Ich habe mir inzwischen einen Kaffee und einen Keks (10 cm Durchmesser) besorgt und hole mein Mittagessen nach, vorne plappert es munter weiter, da rischelt und raschelt es um mich herum. Offensichtlich hat Sissy unsere Spannung nicht mehr länger ausgehalten und die Gaben auf unseren Plätzen zum Auspacken freigegeben. Aber genau der Größe nach, erst die große Tüte, dann die mittlere und dann die kleine Schachtel. Solchen Anweisungen folge ich höchstens, wenn ich weiß, daß sich Freunde mit einem Geschenk große Mühe gegeben haben. Sissy kann mich mal.

PfeifeWas haben wir denn da? Eine orangefarbene Sicherheitsweste mit Reflektorstreifen.
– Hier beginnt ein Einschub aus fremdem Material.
(* Let $G$ be a connected graph of order $n$ with maximum degree $\Delta\ge 3$. (i) If $2\Delta\le n-1$, then $$SO(G)\ge \Delta\left(\sqrt{\Delta^2+4}+\sqrt5\right)+2(n-2\Delta-1)\sqrt2,$$ with equality if and only if $G$ is a star-like tree of order $n$ with maximum degree $\Delta$ in which every neighbor of the maximum-degree vertex has degree two. (ii) If $2\Delta> n-1$, then $$SO(G)\ge (n-1-\Delta)\left(\sqrt{\Delta^2+4}+\sqrt5\right)+(2\Delta-n+1)\sqrt{\Delta^2+1},$$ with equality if and only if $G$ is a star-like tree of order $n$ with maximum degree $\Delta$ in which the maximum-degree vertex has exactly $2\Delta-n+1$ neighbors of degree one.
   Context: For a graph $G$, $d_G(w)$ denotes the degree of vertex $w$, and the Sombor index is $SO(G)=\sum_{ab\in E(G)}\sqrt{d_G(a)^2+d_G(b)^2}$. A star-like tree is a tree having exactly one vertex of degree greater than two. *)

(* A simple graph is a symmetric irreflexive relation
   e : rel T on a finite vertex type T; its order is #|T|. *)
From mathcomp Require Import all_boot all_order all_algebra.
From mathcomp Require Import reals.
Set Implicit Arguments. Unset Strict Implicit. Unset Printing Implicit Defensive.
Import Order.TTheory GRing.Theory Num.Theory.

Section Graphs.
Variable T : finType.
Variable e : rel T.

Definition simple_graph : Prop := symmetric e /\ irreflexive e.

Definition deg (x : T) : nat := #|[pred y | e x y]|.

Definition maxdeg : nat := \max_(x : T) deg x.

Definition connected_graph : Prop := forall x y : T, connect e x y.

Definition has_cycle : Prop := exists c : seq T, (2 < size c)%N /\ ucycle e c.

Definition is_tree : Prop := connected_graph /\ ~ has_cycle.

Definition star_like_tree : Prop :=
  is_tree /\ #|[pred x | (2 < deg x)%N]| = 1%N.

(* Sombor index: sum over edges ab of sqrt(d(a)^2 + d(b)^2).
   Each (unordered) edge ab appears twice as an ordered pair (a,b),(b,a),
   hence the factor 1/2. *)
Definition sombor (R : realType) : R :=
  (1 / 2) * \sum_(a : T) \sum_(b : T | e a b)
     Num.sqrt ((deg a)%:R ^+ 2 + (deg b)%:R ^+ 2).

End Graphs.

From mathcomp Require Import all_boot all_order all_algebra.
From mathcomp Require Import reals ring lra zify.
Import Order.TTheory GRing.Theory Num.Theory.
Set Implicit Arguments. Unset Strict Implicit. Unset Printing Implicit Defensive.
Lemma ialpha_homsymb0 S : homsymb 0 S -> ialpha S = fun _ _ => 0.
Proof.
move=> hS; apply/funext => x; apply/funext => xi.
have dxi0 j : dxi j S x xi = 0.
  case: hS => I [c [e [h ->]]]; rewrite dxi_symb_sum /= big1 // => i _; rewrite /dmonom.
  by have := expo_le_deg (e i) j; rewrite (h i).2 leqn0 => /eqP ->; rewrite !mul0r mulr0.
rewrite /ialpha; under eq_bigr => i _ do rewrite !dxi0.
rewrite dxi0 big1 => [|i _]; first by rewrite subrr mulr0.
by rewrite !mulr0 subrr.
Qed.

Lemma homsymb_Xop delta k S : homsymb k S -> homsymb k.+1 (Xop delta k S).
Proof. exact: homsymb_Xw. Qed.

Lemma ialpha_Xop delta k S : homsymb k S ->
  ialpha (Xop delta k S) = fun x xi => Xop delta k.-1 (ialpha S) x xi
    - 2^-1 * (2 * (n.+1)%:R * delta + k%:R + k%:R) * S x xi.
Proof.
move=> hS; apply/funext => x; apply/funext => xi.
change (ialpha (Xw (2 * (n.+1)%:R * delta + k%:R) S) x xi = Xop delta k.-1 (ialpha S) x xi
  - 2^-1 * (2 * (n.+1)%:R * delta + k%:R + k%:R) * S x xi).
rewrite (ialpha_Xw _ _ _ hS); congr (_ - _).
case: k hS => [|k] hS.
  by rewrite (ialpha_homsymb0 hS) Xw_zero; symmetry; exact: Xw_zero.
change (Xw (2 * (n.+1)%:R * delta + k.+1%:R - 1) (ialpha S) x xi
  = Xw (2 * (n.+1)%:R * delta + k%:R) (ialpha S) x xi).
by rewrite -[(k.+1)%:R]natr1 addrA addrK.
Qed.

Lemma ialphaBZ ka kb A B (lam : R) : homsymb ka A -> homsymb kb B ->
  ialpha (fun x xi => A x xi - lam * B x xi) = fun x xi => ialpha A x xi - lam * ialpha B x xi.
Proof.
move=> hA hB; apply/funext => x; apply/funext => xi.
rewrite !ialphaE -ialpha_gradBZ; congr ialpha_grad; apply/funext => j.
apply: pdiff_val; apply: is_pderiveB; first exact: homsymb_is_pderive_xi hA.
by apply: is_pderiveZ; apply: homsymb_is_pderive_xi hB.
Qed.

Lemma iter_ialphaBZ m ka kb A B (lam : R) : homsymb ka A -> homsymb kb B ->
  forall x xi, iter m (@ialpha R n) (fun x xi => A x xi - lam * B x xi) x xi
    = iter m (@ialpha R n) A x xi - lam * iter m (@ialpha R n) B x xi.
Proof.
elim: m ka kb A B => [|m IH] ka kb A B hA hB x xi //.
by rewrite !iterSr (ialphaBZ _ hA hB); exact: IH (homsymb_ialpha hA) (homsymb_ialpha hB) x xi.
Qed.

Lemma iter_ialpha_Xop delta m k S : homsymb k S ->
  (forall x xi, iter m (@ialpha R n) S x xi = 0) ->
  forall x xi, iter m.+1 (@ialpha R n) (Xop delta k S) x xi = 0.
Proof.
elim: m k S => [|m IH] k S hS hker x xi.
  have -> : S = (fun _ _ => 0) by apply/funext => y; apply/funext => z; exact: hker.
  have -> : Xop delta k (fun _ _ : P => 0) = fun _ _ => 0.
    by apply/funext => y; apply/funext => z; exact: Xw_zero.
  by rewrite /= (ialpha_homsymb0 (homsymb0 R n 0)).
have hiS := homsymb_ialpha hS.
rewrite iterSr (ialpha_Xop _ hS) (iter_ialphaBZ _ _ (homsymb_Xop delta hiS) hS).
rewrite (IH _ _ hiS) ?hker ?mulr0 ?subr0 // => y z.
by rewrite -iterSr; exact: hker.
Qed.

End Operators.

Unset Implicit Arguments.

Theorem proposition6p1 (R : realType) (n : nat) (delta : R) (k l : nat) :
  (1 <= n)%N -> (1 <= k)%N -> (1 <= l <= k.+1)%N ->
  (forall S : symb R n, Fkl k l S -> Fkl (k.-1) (l.-1) (ialpha S)) /\
  (forall S : symb R n, Fkl (k.-1) (l.-1) S -> Fkl k l (Xop delta (k.-1) S)).
Proof.
move=> _ hk /andP [hl _]; split => S [/Rk_homsymb hS hker]; split.
- exact/homsymb_Rk/homsymb_ialpha.
- case: l hl hker => // l _ hker x xi /=.
  by rewrite -iterSr; exact: hker.
- by apply: homsymb_Rk; have := homsymb_Xop delta hS; rewrite prednK.
- by case: l hl hker => // l _; exact: iter_ialpha_Xop hS.
Qed.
Und wie die stinkt! Gleich anziehen, bettelt sie, “pretty please with sugar on top.”** Als nächstes bekommen wir eine Krönung amerikanischen Ingenieursschaffens (links) geschenkt: einen Karabiner mit integrierter Trillerpfeife – oh mein Gott, jetzt kriege ich den Michi Mittermaier und seinen Flugzeugabsturzsketch nicht mehr aus dem Hirn – und, jawohl, Damenundherren, es geht noch besser, kaum zu glauben aber wahr, mit ebenfalls integrierter Taschenlampe und made in China. Wow! Bei mir wurmt sich NDW-Markus ins Ohr und so langsam bahnt sich eine Migräne an. Letzte Übung: die Batterie einsetzen, drei Mal an die Decke blinken, einmal blasen. Weil das so schön klappt, bekommt jeder ein Tombola-Los zur Belohnung. Vorne jubiliert es weiter, da sähen wir mal, ohne die richtige Ausrüstung sei doch die schönste Katastrophe nichts. Sie habe ja unter jedem Tisch bei sich zu Hause ein solch unentbehrliches Utensil geklebt, denn wenn sich wg. der alten Erdbebenregel “Duck-Cover-And Hold On” jemand unter einen Tisch verkrochen habe, sei doch nichts leichter, als anschließend die Rettungskräfte herbeizupfeifen. Wie hilfreich wäre sowas etwa damals für ihre Freunde “in the Towers” gewesen? Oder für die beim Boston Marathon? Oder bei jedem fucking*** Erdbeben seit 1989? Keine Katastophe, wo sie nicht irgendwen mitten im Geschehen kannte. Außerdem müsse man als weiblicher Floor Warden möglicherweise auch in der Herrentoilette nach zu Evakuierenden suchen. Und da sei es doch angeraten, vorher zu trillern. Nicht, daß man in eine peinliche Situation gerate. Wo bin ich hier? Langsam beschleicht mich der Verdacht, daß ich zur Mithilfe bei der Therapie zur Bewältigung eines schlimmen Falles von Paranoia shanghait worden bin.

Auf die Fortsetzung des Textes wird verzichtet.